In this paper we investigate whether conventional text categorization methods may suffice to infer different verbal intelligence levels. This research goal relies on the hypothesis that the vocabulary that speakers make use of reflects their verbal intelligence levels. Automatic verbal intelligence estimation of users in a spoken language dialog system may be useful when defining an optimal dialog strategy by improving its adaptation capabilities. The work is based on a corpus containing descriptions (i.e. monologs) of a short film by test persons yielding different educational backgrounds and the verbal intelligence scores of the speakers. First, a one-way analysis of variance was performed to compare the monologs with the film transcription and to demonstrate that there are differences in the vocabulary used by the test persons yielding different verbal intelligence levels. Then, for the classification task, the monologs were represented as feature vectors using the classical TF–IDF weighting scheme. The Naive Bayes, k-nearest neighbors and Rocchio classifiers were tested. In this paper we describe and compare these classification approaches, define the optimal classification parameters and discuss the classification results obtained.

Highlights

► Probably the first report of experiments attempting to automatically predict verbal intelligence. ► This work has shown that verbal intelligence may be recognized by computers through language cues. ► Some of the most popular text categorization methods have been successfully applied to this task. ► Class-based feature selection approach enables better performance and lower computational cost. ► Word lemmatisation, typically successful for TC tasks, has not proven to be helpful for this one.

Introduction

Next-generation spoken language dialog systems (SLDSs), developed to provide users with required information and/or to help them to accomplish certain goals, are expected to be able to deal with difficult tasks and react to a wide range of situations and problems. They should help users to feel free and comfortable when interacting with them. Moreover, they should also be user-friendly and easy to use. Including aspects of adaptation to users into SLDS may help to increase the systems’ communicative competences and influence on their acceptability (Fig. 1). Next-generation SLDS may change the level of dialog depending on users’ experience. For example, a spoken dialog system aimed at providing guidance and support for the installation of some software may try to estimate whether the user is an expert or a novice in this field. Based on this information suitable words and explanations may be generated. These explanations may be very detailed and without specific vocabulary for a non-experienced user; in contrast, for an expert, the system may provide only a sequence of important steps or inform about more difficult operations. From the beginning of the dialog, SLDS may analyse the user’s speech, behavior and requests and also the existing difficulties. When deciding on the best response to a user, the dialog manager may change words and sentence structures based on the information about cognitive processes. Its responses may become more helpful and the user-friendliness of the system may be improved. For this purpose it is necessary to identify differences in language use of people yielding different educational background and abilities to analyse situations and to solve problems.
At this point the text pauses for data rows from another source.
Let darboux_le n (P : 'I_n -> set X) : finite_partition P ->
  \sum_(j < n) inf [set phi x | x in P j] * xi (P j) <=
  \sum_(i < m) (c + i.+1%:R * d) * xi (Q i).
Proof.
move=> hP.
under eq_bigr do rewrite -(fa_partition hxi _ _ _ Q_partition) mulr_sumr.
under [leRHS]eq_bigr do rewrite -(fa_partition hxi _ _ _ hP) mulr_sumr.
rewrite exchange_big /=; apply: ler_sum => i _; apply: ler_sum => j _.
have [QP0|/set0P [x [Qx Px]]] := eqVneq (Q i `&` P j) set0.
  by rewrite QP0 setIC QP0 fa_set0 // !mulr0.
rewrite setIC ler_wpM2r ?fa_ge0 //; apply: le_trans (ge_inf _ _) _.
- by exists c => _ [y _ <-]; apply: le_trans (lvl_lb y); rewrite lerDl mulr_ge0.
- by exists x.
- by rewrite (le_trans (lvl_ub x)) //= Qx.
Qed.

(* Layer-cake formula: sum_i i xi[lvl = i] = sum_(k >= 1) xi[lvl >= k]. *)
Let sum_levels a : \sum_(i < m) (a + i%:R * d) * xi (Q i) =
  a + d * \sum_(1 <= k < m) xi [set x | (k <= lvl x)%N].
Proof.
have xiG k : xi [set x | (k <= lvl x)%N] =
    \sum_(i < m) (if (k <= i)%N then xi (Q i) else 0).
  rewrite -(fa_partition hxi _ _ _ Q_partition); apply: eq_bigr => i _.
  case: ifPn => ki; last rewrite -(fa_set0 hxi).
    by congr xi; apply/seteqP; split=> [x []//|x Qx]; split; rewrite //= Qx.
  by congr xi; apply/seteqP; split=> x //= [Qx]; rewrite Qx (negbTE ki).
have sumQ : \sum_(i < m) xi (Q i) = 1.
  rewrite -(fa_setT hxi) -(fa_partition hxi _ _ _ Q_partition).
  by under [RHS]eq_bigr do rewrite setIT.
transitivity (\sum_(i < m) (a * xi (Q i) + d * (xi (Q i) *+ i))).
  by apply: eq_bigr => i _; rewrite -mulr_natr; ring.
rewrite big_split -!mulr_sumr /= sumQ mulr1; congr (_ + d * _).
under [RHS]eq_bigr do rewrite xiG.
by rewrite exchange_big; apply: eq_bigr => i _; rewrite sumr_if_leq.
Qed.

Lemma fa_integral_levels :
  c + d * \sum_(1 <= k < m) xi [set x | (k <= lvl x)%N] <= fa_integral xi phi
  <= c + d + d * \sum_(1 <= k < m) xi [set x | (k <= lvl x)%N].
Proof.
have ub : ubound [set s | exists n (P : 'I_n -> set X), finite_partition P /\
    s = \sum_(i < n) inf [set phi x | x in P i] * xi (P i)]
  (\sum_(i < m) (c + i.+1%:R * d) * xi (Q i)).
  by move=> _ [n [P [hP ->]]]; apply: darboux_le.
apply/andP; split.
  rewrite -sum_levels; apply: le_trans (ub_le_sup (ex_intro _ _ ub) _); last first.
    by exists m, Q.
  apply: ler_sum => i _.
  have [Q0|/set0P [x Qx]] := eqVneq (Q i) set0; first by rewrite Q0 fa_set0 // !mulr0.
  rewrite ler_wpM2r ?fa_ge0 //; apply: lb_le_inf; first by exists (phi x), x.
  by move=> _ [y Qy <-]; rewrite -Qy lvl_lb.
have -> : c + d + d * \sum_(1 <= k < m) xi [set x | (k <= lvl x)%N] =
    \sum_(i < m) (c + i.+1%:R * d) * xi (Q i).
  by rewrite -sum_levels; apply: eq_bigr => i _; rewrite -natr1; ring.
by apply: ge_sup ub; eexists; exists m, Q.
Qed.

End fa_integral_levels.

Lemma threshold_level {T : Type} (above : nat -> T -> Prop) m :
  (forall x, above 0%N x) -> (forall x, ~ above m x) ->
  (forall k l x, (k <= l)%N -> above l x -> above k x) ->
  exists lvl : T -> nat,
    (forall x, (lvl x < m)%N) /\ (forall k x, (k <= lvl x)%N <-> above k x).
Proof.
move=> above0 aboveNm above_mono.
have lvl_ex x : exists k, (k < m)%N /\ forall j, (j <= k)%N <-> above j x.
  have ex0 : exists k, `[< above k x >] by exists 0%N; apply/asboolP.
  have ub k : `[< above k x >] -> (k <= m)%N.
    move=> /asboolP akx; rewrite leqNgt; apply/negP => mk.
    by apply: (aboveNm x); apply: above_mono akx; exact: ltnW.
  case: (ex_maxnP ex0 ub) => k /asboolP akx kmax; exists k; split.
    by rewrite ltnNge; apply/negP => mk; exact: aboveNm x (above_mono _ _ _ mk akx).
  by move=> j; split=> [jk|ajx]; [exact: above_mono jk akx|apply/kmax/asboolP].
have [lvl hlvl] := choice lvl_ex.
by exists lvl; split=> [x|k x]; have [? ?] := hlvl x.
Qed.

Lemma grid_level {R : realType} {T : Type} {phi : T -> R} {c d : R} {m : nat}
    (b : bool) : 0 <= d -> (forall x, c < phi x) ->
    (forall x, phi x < c + m%:R * d) ->
  exists lvl : T -> nat, [/\ forall x, (lvl x < m)%N,
    forall x, c + (lvl x)%:R * d <= phi x,
    forall x, phi x <= c + (lvl x).+1%:R * d &
    forall k x, (k <= lvl x)%N <-> (c + k%:R * d < phi x ?<= if b)].
Proof.
move=> d_ge0 c_lt phi_lt.
have [x|x|k l x kl|lvl [lvl_lt lvlE]] :=
  threshold_level (fun k x => c + k%:R * d < phi x ?<= if b) m.
- by rewrite mul0r addr0 lteifS.
- by apply/negP; rewrite -lteifNE lteifS.
- apply: (lteif_trans (C1 := true)).
  by rewrite lteifT lerD2l ler_wpM2r // ler_nat.
exists lvl; split=> // x; first exact/lteifW/(lvlE _ x).1.
have : ~ (c + (lvl x).+1%:R * d < phi x ?<= if b) by move/lvlE; rewrite ltnn.
by move/negP; rewrite -lteifNE => /lteifW.
Qed.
The ability to use language for accomplishing certain goals is called verbal intelligence (VI) (Cianciolo and Sternberg, 2004, Goethals et al., 2004). In other words, verbal intelligence is “the ability to analyse information and to solve problems using language-based reasoning” (Logsdon, 2011). Automatic verbal intelligence estimation may help dialog systems to choose the level of communication and be more simple, useful and effective.
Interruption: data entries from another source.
(* Let $n\ge2$, and let $U_0,U_1,\dots,U_T$ be any unitaries on $H$ (a quantum query algorithm with $T$ queries to the comparison oracle). For each permutation $\sigma$ of $\{0,\dots,n-1\}$ and $0\le t\le T$ let $|\psi_\sigma^t\rangle=U_tO_\sigma U_{t-1}O_\sigma\cdots U_1O_\sigma U_0|\vec0\rangle$ (with $t$ oracle applications), and define $$s_t=\sum_{\sigma,\tau} w(\sigma,\tau)\,\bigl|\langle\psi^t_\sigma|\psi^t_\tau\rangle\bigr|,$$ the sum over all ordered pairs of permutations. Then $|s_{t+1}-s_t|\le 2\pi\, n!$ for all $0\le t\le T-1$.
   Context: For a permutation $\sigma$ of $\{0,\dots,n-1\}$, the comparison matrix $M_\sigma\in\{0,1\}^{n\times n}$ has $(M_\sigma)_{i,j}=1$ if $\sigma(i)\le\sigma(j)$ and $0$ otherwise. $H$ is the Hilbert space spanned by orthonormal vectors $|i,j,b,c\rangle$, $0\le i,j\le n-1$, $b\in\{0,1\}$, $c\in\{0,1\}^w$ for some fixed $w\ge0$, and $O_\sigma$ is the unitary $O_\sigma|i,j,b,c\rangle=|i,j,b\oplus(M_\sigma)_{i,j},c\rangle$. For integers $0\le k\le n-2$ and $1\le d\le n-k-1$, define $\sigma^{(k,d)}=(k+d,k+d-1,\dots,k)\circ\sigma$, where $(k+d,k+d-1,\dots,k)$ is the cyclic permutation sending $k+d\mapsto k+d-1\mapsto\cdots\mapsto k\mapsto k+d$. The weight is $w(\sigma,\tau)=1/d$ if $\tau=\sigma^{(k,d)}$ for some such $k,d$, and $w(\sigma,\tau)=0$ otherwise. *)

From HB Require Import structures.
From mathcomp Require Import all_boot all_order all_algebra all_fingroup.
From mathcomp Require Import spectral.
From mathcomp Require Import complex.
From mathcomp Require Import reals trigo.
From mathcomp Require Import zify.

Set Implicit Arguments.
Unset Strict Implicit.
Unset Printing Implicit Defensive.

Import Order.TTheory GRing.Theory Num.Theory.
Local Open Scope ring_scope.

(* The cyclic permutation (k+d, k+d-1, ..., k) of {0,...,n-1}:              *)
(*   k+d |-> k+d-1 |-> ... |-> k |-> k+d, other points fixed.               *)
(* (Only meaningful when k + d < n; otherwise we return the identity.)      *)
Definition cyc_fun (n k d : nat) (j : 'I_n) : 'I_n :=
  if (k + d < n)%N then
    insubd j (if (k < j <= k + d)%N then j.-1 else if j == k :> nat then k + d else j)%N
  else j.

Lemma cyc_fun_inj n k d : injective (@cyc_fun n k d).
Proof.
move=> x y; rewrite /cyc_fun; case: ifP => // hkd.
have hx := ltn_ord x; have hy := ltn_ord y.
have E : forall z : 'I_n, val (insubd z (if (k < z <= k + d)%N then z.-1
            else if z == k :> nat then k + d else z)%N) =
          (if (k < z <= k + d)%N then z.-1 else if z == k :> nat then k + d else z)%N.
  move=> z; have hz := ltn_ord z.
  have hm : ((if (k < z <= k + d) then z.-1 else if z == k :> nat then k + d else z) < n)%N.
    case: ifP => [/andP[h1 h2]|_]; first by lia.
    by case: ifP => _; lia.
  by rewrite val_insubd hm.
move=> /(congr1 val); rewrite !E => h; apply: val_inj => /=.
move: h; case ha: (k < x <= k + d)%N; case hb: (k < y <= k + d)%N;
  case: (x =P k :> nat) => ex; case: (y =P k :> nat) => ey; lia.
Qed.

Definition cyc_perm (n k d : nat) : {perm 'I_n} := perm (@cyc_fun_inj n k d).

(* sigma^{(k,d)} = (k+d, ..., k) o sigma ; in MathComp (s * t) x = t (s x). *)
Definition sigma_kd (n k d : nat) (s : {perm 'I_n}) : {perm 'I_n} :=
  (s * cyc_perm n k d)%g.

Definition valid_kd (n k d : nat) : bool := (k <= n - 2)%N && (1 <= d <= n - k - 1)%N.

(* The weight w(sigma, tau): 1/d if tau = sigma^{(k,d)} for an admissible
   (k,d), and 0 otherwise.  (k and d are bounded by n, so we search over
   'I_n * 'I_n.)                                                            *)
Definition weight (C : numFieldType) (n : nat) (s t : {perm 'I_n}) : C :=
  match [pick kd : 'I_n * 'I_n | valid_kd n kd.1 kd.2 && (t == sigma_kd kd.1 kd.2 s)] with
  | Some kd => (kd.2%:R)^-1
  | None => 0
  end.

(* The Hilbert space H, with orthonormal basis |i,j,b,c>.                   *)
Definition basis (n w : nat) : finType := ('I_n * 'I_n * bool * w.-tuple bool)%type.

Definition dimH (n w : nat) : nat := #|basis n w|.

Definition cmp (n : nat) (s : {perm 'I_n}) (i j : 'I_n) : bool := (s i <= s j)%N.

Definition oracle_basis (n w : nat) (s : {perm 'I_n}) (x : basis n w) : basis n w :=
  let: (i, j, b, c) := x in (i, j, b (+) cmp s i j, c).

Definition oracle (C : numFieldType) (n w : nat) (s : {perm 'I_n}) : 'M[C]_(dimH n w) :=
  \matrix_(p, q) (enum_val p == oracle_basis s (enum_val q))%:R.

Definition init (C : numFieldType) (n w : nat) : 'cV[C]_(dimH n w) :=
  \col_p (let: (i, j, b, c) := (enum_val p : basis n w) in
          [&& val i == 0%N, val j == 0%N, ~~ b & all negb c])%:R.

Fixpoint psi (C : numFieldType) (n w : nat) (U : nat -> 'M[C]_(dimH n w))
    (s : {perm 'I_n}) (t : nat) : 'cV[C]_(dimH n w) :=
  match t with
  | 0 => U 0%N *m init C n w
  | t'.+1 => U t *m (oracle C w s *m psi U s t')
  end.

Definition inner (C : numClosedFieldType) (m : nat) (u v : 'cV[C]_m) : C :=
  \sum_p (u p 0)^* * v p 0.

Definition s_t (C : numClosedFieldType) (n w : nat) (U : nat -> 'M[C]_(dimH n w))
    (t : nat) : C :=
  \sum_(s : {perm 'I_n}) \sum_(r : {perm 'I_n})
     weight C s r * `| inner (psi U s t) (psi U r t) |.

From Pilot Require Import Defs.
From mathcomp Require Import all_boot all_order all_algebra all_fingroup.
From mathcomp Require Import spectral complex reals trigo.
From mathcomp Require Import topology normedtype derive.
From mathcomp Require Import zify ring lra.

(* Unitaries preserve inner products, so s_(t+1) - s_t only sees the query:
   |<O_s u|O_r v> - <u|v>| is bounded by a sum over the basis states |i,j,b,c>
   whose comparison bit differs for s and r = s^(k,d).  For such a pair (i,j),
   min(s i, s j) = k and the gaps g = |s i - s j| - 1, g' = |r i - r j| - 1
   satisfy g + g' + 1 = d.  Splitting |u_x| |v_x| by AM-GM with the weight
   sqrt(2g+1) / sqrt(2g'+1) leaves, for each s and x, a sum over (k,d) of
   sqrt(2g+1) / (d sqrt(2g'+1)) over distinct g'; its terms are dominated by the
   increments of 2 atan(sqrt(2g'+1) / sqrt(2g+1)), so it is below pi.  The same
   holds with the roles of s and r exchanged, and summing the normalized
   amplitudes over the n! permutations gives 2 pi n!. *)

Set Implicit Arguments.
Unset Strict Implicit.
Unset Printing Implicit Defensive.

Import Order.TTheory GRing.Theory Num.Theory.
Import numFieldNormedType.Exports.
Import ComplexField.Normc.

Definition cycn (k d x : nat) : nat :=
  if k < x <= k + d then x.-1 else if x == k then k + d else x.

Lemma cyc_permE n k d (j : 'I_n) : k + d < n -> val (cyc_perm n k d j) = cycn k d j.
Proof.
move=> kd_lt; rewrite /cyc_perm permE /cyc_fun kd_lt val_insubd -/(cycn k d j) ifT //.
by have := ltn_ord j; rewrite /cycn; case: ifP => _; [|case: eqP]; lia.
Qed.

Definition gapn (x y : nat) : nat := (maxn x y - minn x y).-1.

Lemma cycn_flip k d x y : 0 < d -> (x <= y) != (cycn k d x <= cycn k d y) ->
  [/\ gapn x y + gapn (cycn k d x) (cycn k d y) + 1 = d, minn x y = k
     & minn (cycn k d x) (cycn k d y) - gapn x y = k].
Proof.
rewrite /gapn /cycn => d_gt0.
case: (boolP (k < x <= k + d)) => hx; case: (boolP (k < y <= k + d)) => hy;
  case: (x =P k) => ex; case: (y =P k) => ey => /eqP flip; split; lia.
Qed.

Section CycleFlips.
Variable n : nat.
Implicit Types (s : {perm 'I_n}) (ij : 'I_n * 'I_n).

Definition flips s r ij : bool := cmp s ij.1 ij.2 != cmp r ij.1 ij.2.

Definition gap s ij : nat := gapn (s ij.1) (s ij.2).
Fig. 2 explains the adaptation process of spoken dialog systems based on verbal intelligence estimation in more detail. When talking to the system, all j spoken utterances of a user are analysed for the verbal intelligence determination. This means that the intelligence level is re-estimated at each turn based on features extracted from the new spoken utterances and from all the phrases which were pronounced at the previous turns. In Fig. 2 the SLDS has three different dialog scenarios corresponding to users yielding a higher, an average and a lower verbal intelligence. At the beginning of the dialog, the systems uses scenarios corresponding to users yielding an average verbal intelligence. At the following turns, the system might switch to alternative dialog scenarios.

The automatic estimation of users’ verbal intelligence may help SLDS to more effectively control the flow of the dialogs, engage users in the interaction and be more attentive to human needs and preferences. For training machine learning algorithms, we need to know a maximum number of language features that reflect differences in language use of people yielding different verbal intelligence. In this work we investigate to which extent the vocabulary of test persons reflect their levels of verbal intelligence when they all describe the same event and explain their thoughts and feelings about it. The investigation is based on a corpus containing descriptions of a short film along with the corresponding intelligence scores of the speakers (Zablotskaya, Walter, & Minker, 2010).
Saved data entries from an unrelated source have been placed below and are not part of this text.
(* Let $v_1,\dots,v_M>0$, $\lambda_1,\dots,\lambda_M>0$, $\bar x\in[0,\sum_m\lambda_m]$, $\lambda_B\theta_B>0$, $\theta_I>0$, $\bar\rho_1,\dots,\bar\rho_M\in[0,1]$, and define the affine functions $\phi_m(\bm c)=\sum_{i=1}^M c_iv_i+\lambda_B\theta_Bv_m+\bar\rho_mc_m\theta_Iv_m$ (positive on the feasible set). Consider $$\max_{\bm c,\bm\beta}\ \sum_{m=1}^M\beta_m\ \text{ s.t. }\ c_mv_m-\beta_m\phi_m(\bm c)\ge0\ \forall m,\quad \sum_{i=1}^M c_i=\bar x,\quad 0\le c_m\le\lambda_m\ \forall m. \tag{$*$}$$ If $(\bm c^*,\bm\beta^* )$ satisfies the KKT conditions of $( * )$, then there exists $\bm u^*=(u_1^*,\dots,u_M^* )$ such that $u_m^*=1/\phi_m(\bm c^* )$ and $c_m^*v_m-\beta_m^*\phi_m(\bm c^* )=0$ for all $m$, and $\bm c^*$ is an optimal solution of the linear program $$\max_{\bm c}\ \sum_{m=1}^M u_m^*\big(c_mv_m-\beta_m^*\phi_m(\bm c)\big)\ \text{ s.t. }\ \sum_{i=1}^M c_i=\bar x,\quad 0\le c_m\le\lambda_m\ \forall m.$$
   Context: Problem $( * )$ is the epigraph reformulation of the sum-of-ratios problem $\max\sum_m c_mv_m/\phi_m(\bm c)$ over the same constraints, arising from the asymptotic ($R\to\infty$) offloading problem, where $v_m=B_m^{2/\alpha}$ with trust biases $B_m$, $\bar\rho_m$ is an upper bound on the active ratio of group $m$, and $\bar x$ is the fixed total caching density. *)

(* the statement is purely algebraic/order-theoretic, so it is
   stated over an arbitrary real field R (this includes the reals). *)
From HB Require Import structures.
From mathcomp Require Import all_boot all_order all_algebra.
Set Implicit Arguments. Unset Strict Implicit. Unset Printing Implicit Defensive.
Import Order.TTheory GRing.Theory Num.Theory.
Local Open Scope ring_scope.

Section Defs.
Variables (R : realFieldType) (M : nat).
Variables (v lam rho : 'I_M -> R) (xbar lamB thetaB thetaI : R).

Definition phi (c : 'I_M -> R) (m : 'I_M) : R :=
  \sum_(i < M) c i * v i + lamB * thetaB * v m + rho m * c m * thetaI * v m.

Definition gcon (c beta : 'I_M -> R) (m : 'I_M) : R :=
  c m * v m - beta m * phi c m.

(* partial derivative d g_k / d c_j (g_k is affine in c for fixed beta) *)
Definition dgcon_dc (beta : 'I_M -> R) (k j : 'I_M) : R :=
  (if k == j then v k else 0)
  - beta k * (v j + (if k == j then rho k * thetaI * v k else 0)).

Definition feas_c (c : 'I_M -> R) : Prop :=
  \sum_(i < M) c i = xbar /\ (forall m, 0 <= c m /\ c m <= lam m).

(* KKT conditions of problem problem P:
     max sum_m beta_m  s.t.  g_m(c,beta) >= 0, sum_i c_i = xbar,
                              c_m >= 0, lam_m - c_m >= 0.
   Lagrangian  L = sum_m beta_m + sum_m u_m g_m + nu (sum_i c_i - xbar)
                   + sum_m mu_m c_m + sum_m eta_m (lam_m - c_m). *)
Definition KKT (c beta : 'I_M -> R) : Prop :=
  exists (u mu eta : 'I_M -> R) (nu : R),
    (forall m, 0 <= gcon c beta m) /\ feas_c c /\
    (forall m, 0 <= u m /\ 0 <= mu m /\ 0 <= eta m) /\
    (* stationarity w.r.t. beta_m *)
    (forall m, 1 - u m * phi c m = 0) /\
    (* stationarity w.r.t. c_j *)
    (forall j, \sum_(k < M) u k * dgcon_dc beta k j + nu + mu j - eta j = 0) /\
    (forall m, u m * gcon c beta m = 0 /\ mu m * c m = 0 /\
               eta m * (lam m - c m) = 0).

Definition lp_obj (u beta c : 'I_M -> R) : R :=
  \sum_(m < M) u m * gcon c beta m.

End Defs.

From HB Require Import structures.
From mathcomp Require Import all_boot all_order all_algebra.
From mathcomp Require Import ring lra.
Import Order.TTheory GRing.Theory Num.Theory.
Local Open Scope ring_scope.

(* Let (cs, bs) satisfy the KKT conditions of (P) with
   multipliers u (ratio constraints), nu (budget), mu, eta (box bounds).
   1. Stationarity in beta_m reads u_m phi_m(cs) = 1, hence u_m = 1/phi_m(cs)
      and in particular u_m <> 0; complementary slackness u_m g_m = 0 then
      forces every ratio constraint to be active: g_m(cs, bs) = 0.
   2. For fixed bs, each g_m is affine in c with gradient dgcon_dc, so the
      LP objective sum_m u_m g_m(c, bs) is affine in c and its increment
      from cs is sum_j d_j (c_j - cs_j), d_j = sum_k u_k dgcon_dc k j.
   3. Stationarity in c says d_j = eta_j - mu_j - nu: these are exactly KKT
      multipliers of the LP at cs.  A general sufficiency lemma for linear
      objectives over {sum c = const, 0 <= c <= lam} then shows that the
      increment is <= 0, i.e. cs solves the LP. *)

Lemma box_budget_kkt_optimal (R : realFieldType) (I : finType)
    (lam d mu eta c cs : I -> R) (nu : R) :
  (forall j, d j = eta j - mu j - nu) ->
  (forall j, 0 <= mu j /\ 0 <= eta j) ->
  (forall j, mu j * cs j = 0 /\ eta j * (lam j - cs j) = 0) ->
  \sum_j c j = \sum_j cs j ->
  (forall j, 0 <= c j /\ c j <= lam j) ->
  \sum_j d j * (c j - cs j) <= 0.
Proof.
move=> hd hpos hslack hbudget hbox.
(* Using slackness, each term is a nonpositive part minus nu (c_j - cs_j). *)
have split_term j : d j * (c j - cs j)
    = (eta j * (c j - lam j) - mu j * c j) - nu * (c j - cs j).
  by rewrite hd; case: (hslack j) => h1 h2; move: h1 h2; nra.
under eq_bigr => j _ do rewrite split_term.
have budget_zero : \sum_j (c j - cs j) = 0 by rewrite sumrB hbudget subrr.
rewrite sumrB -mulr_sumr budget_zero mulr0 subr0.
apply: sumr_le0 => j _.
by case: (hpos j) => hmu heta; case: (hbox j) => hc0 hc1; nra.
Qed.

Lemma sum_delta (R : pzSemiRingType) (I : finType) (m : I) (a : R) (f : I -> R) :
  \sum_j (if m == j then a else 0) * f j = a * f m.
Proof.
rewrite (bigD1 m) //= eqxx big1 ?addr0 // => j /negbTE hj.
by rewrite eq_sym hj mul0r.
Qed.

Section RatioConstraints.
Variables (R : realFieldType) (M : nat).
Variables (v rho : 'I_M -> R) (lamB thetaB thetaI : R).

Local Notation g := (gcon v rho lamB thetaB thetaI).
Local Notation dg := (dgcon_dc v rho thetaI).

Lemma gcon_increment (beta c cs : 'I_M -> R) (m : 'I_M) :
  g c beta m - g cs beta m = \sum_j dg beta m j * (c j - cs j).
Proof.
rewrite /gcon /phi /dgcon_dc.
have -> : \sum_(j < M) ((if m == j then v m else 0)
      - beta m * (v j + (if m == j then rho m * thetaI * v m else 0)))
      * (c j - cs j)
    = \sum_(j < M) (if m == j then v m else 0) * (c j - cs j)
      - beta m * \sum_(j < M) v j * (c j - cs j)
      - beta m * \sum_(j < M) (if m == j then rho m * thetaI * v m else 0)
                              * (c j - cs j).
  by rewrite !mulr_sumr -!sumrB; apply: eq_bigr => j _; ring.
rewrite !sum_delta.
have -> : \sum_(j < M) v j * (c j - cs j)
    = \sum_(i < M) c i * v i - \sum_(i < M) cs i * v i.
  by rewrite -sumrB; apply: eq_bigr => j _; ring.
ring.
Qed.

Lemma lp_obj_increment (u beta c cs : 'I_M -> R) :
  lp_obj v rho lamB thetaB thetaI u beta c
    - lp_obj v rho lamB thetaB thetaI u beta cs
  = \sum_j (\sum_k u k * dg beta k j) * (c j - cs j).
Proof.
rewrite /lp_obj -sumrB.
under eq_bigr => k _ do rewrite -mulrBr gcon_increment mulr_sumr.
rewrite exchange_big /=; apply: eq_bigr => j _.
by rewrite mulr_suml; apply: eq_bigr => k _; rewrite mulrA.
Qed.

End RatioConstraints.

Lemma inverse_multiplier (R : fieldType) (u p : R) :
  u * p = 1 -> u = 1 / p /\ u != 0.
Proof.
move=> hup.
have hp : p != 0.
  by apply: contra_eq_neq hup => ->; rewrite mulr0 eq_sym oner_neq0.
split; first by rewrite -hup mulfK.
by apply: contra_eq_neq hup => ->; rewrite mul0r eq_sym oner_neq0.
Qed.

Theorem proposition4 (R : realFieldType) (M : nat)
    (v lam rho : 'I_M -> R) (xbar lamB thetaB thetaI : R)
    (hv : forall m, 0 < v m) (hlam : forall m, 0 < lam m)
    (hx0 : 0 <= xbar) (hx1 : xbar <= \sum_(m < M) lam m)
    (hB : 0 < lamB * thetaB) (hI : 0 < thetaI)
    (hrho : forall m, 0 <= rho m <= 1)
    (cs bs : 'I_M -> R)
    (hKKT : KKT v lam rho xbar lamB thetaB thetaI cs bs) :
  exists us : 'I_M -> R,
    (forall m, us m = 1 / phi v rho lamB thetaB thetaI cs m) /\
    (forall m, gcon v rho lamB thetaB thetaI cs bs m = 0) /\
    feas_c lam xbar cs /\
    (forall c, feas_c lam xbar c ->
       lp_obj v rho lamB thetaB thetaI us bs c
       <= lp_obj v rho lamB thetaB thetaI us bs cs).
Proof.
case: hKKT => u [mu [eta [nu [_ [hfeas [hdual [hbeta [hc hslack]]]]]]]].
have hu m : u m = 1 / phi v rho lamB thetaB thetaI cs m /\ u m != 0.
  by apply: inverse_multiplier; move: (hbeta m); lra.
exists u; split; [|split; [|split]] => //.
- by move=> m; case: (hu m).
- move=> m; case: (hslack m) => /eqP + _.
  by rewrite mulf_eq0 (negbTE (hu m).2) => /eqP.
- move=> c [hsum hbox]; rewrite -subr_le0 lp_obj_increment.
  apply: (@box_budget_kkt_optimal R _ lam _ mu eta c cs nu) => //.
  + by move=> j; move: (hc j); lra.
  + by move=> j; case: (hdual j) => _.
  + by move=> j; case: (hslack j) => _.
  + by rewrite hsum; case: hfeas.
Qed.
The paper is structured as follows. In Section 2 we describe the corpus which was used for the experimental research. Section 3 describes our primary efforts at defining film related features which could be useful for distinguishing test persons yielding different verbal intelligence. Section 4 describes typical TF–IDF approaches and explains the details of the feature selection process for the monologs. In Section 5 we describe and compare the Naive Bayes, k-nearest neighbors and Rocchio classifiers. Classification results are presented and discussed in Section 6. Finally, Section 7 presents conclusions and future work.

Section snippets

Corpus description

For the data acquisition in Zablotskaya et al. (2010), a short film was shown to German native speakers. It described an experiment on how long people could stay without sleep. The test persons were asked to imagine that they met an old friend and wanted to tell him about this film. Our goal was to record everyday speech when talking to relatives and friends. This corpus, described in Zablotskaya et al. (2010), consists of 56 descriptions (3, 5 h of audio data) of a short film (i.e. monologs).

Modelling verbal intelligence by using film derived features

To analyse the vocabulary of people yielding different verbal intelligence when describing the same event, at first we decided to compare the monologs with the film transcription. Fig. 4 shows excerpts from the film and from one of the monologs.1

For the comparison, the following features were extracted:

  • Number of reused words – number of words which a test person “reused” from the film. For our example in

Text categorization solutions

Film derived features presented in the previous section showed to be good predictors of verbal intelligence. Particularly, some of them suggested that test persons belonging to different verbal intelligence classes may be distinguished by word or lemma patterns, even regardless of the order of these words and lemmas in the monologs.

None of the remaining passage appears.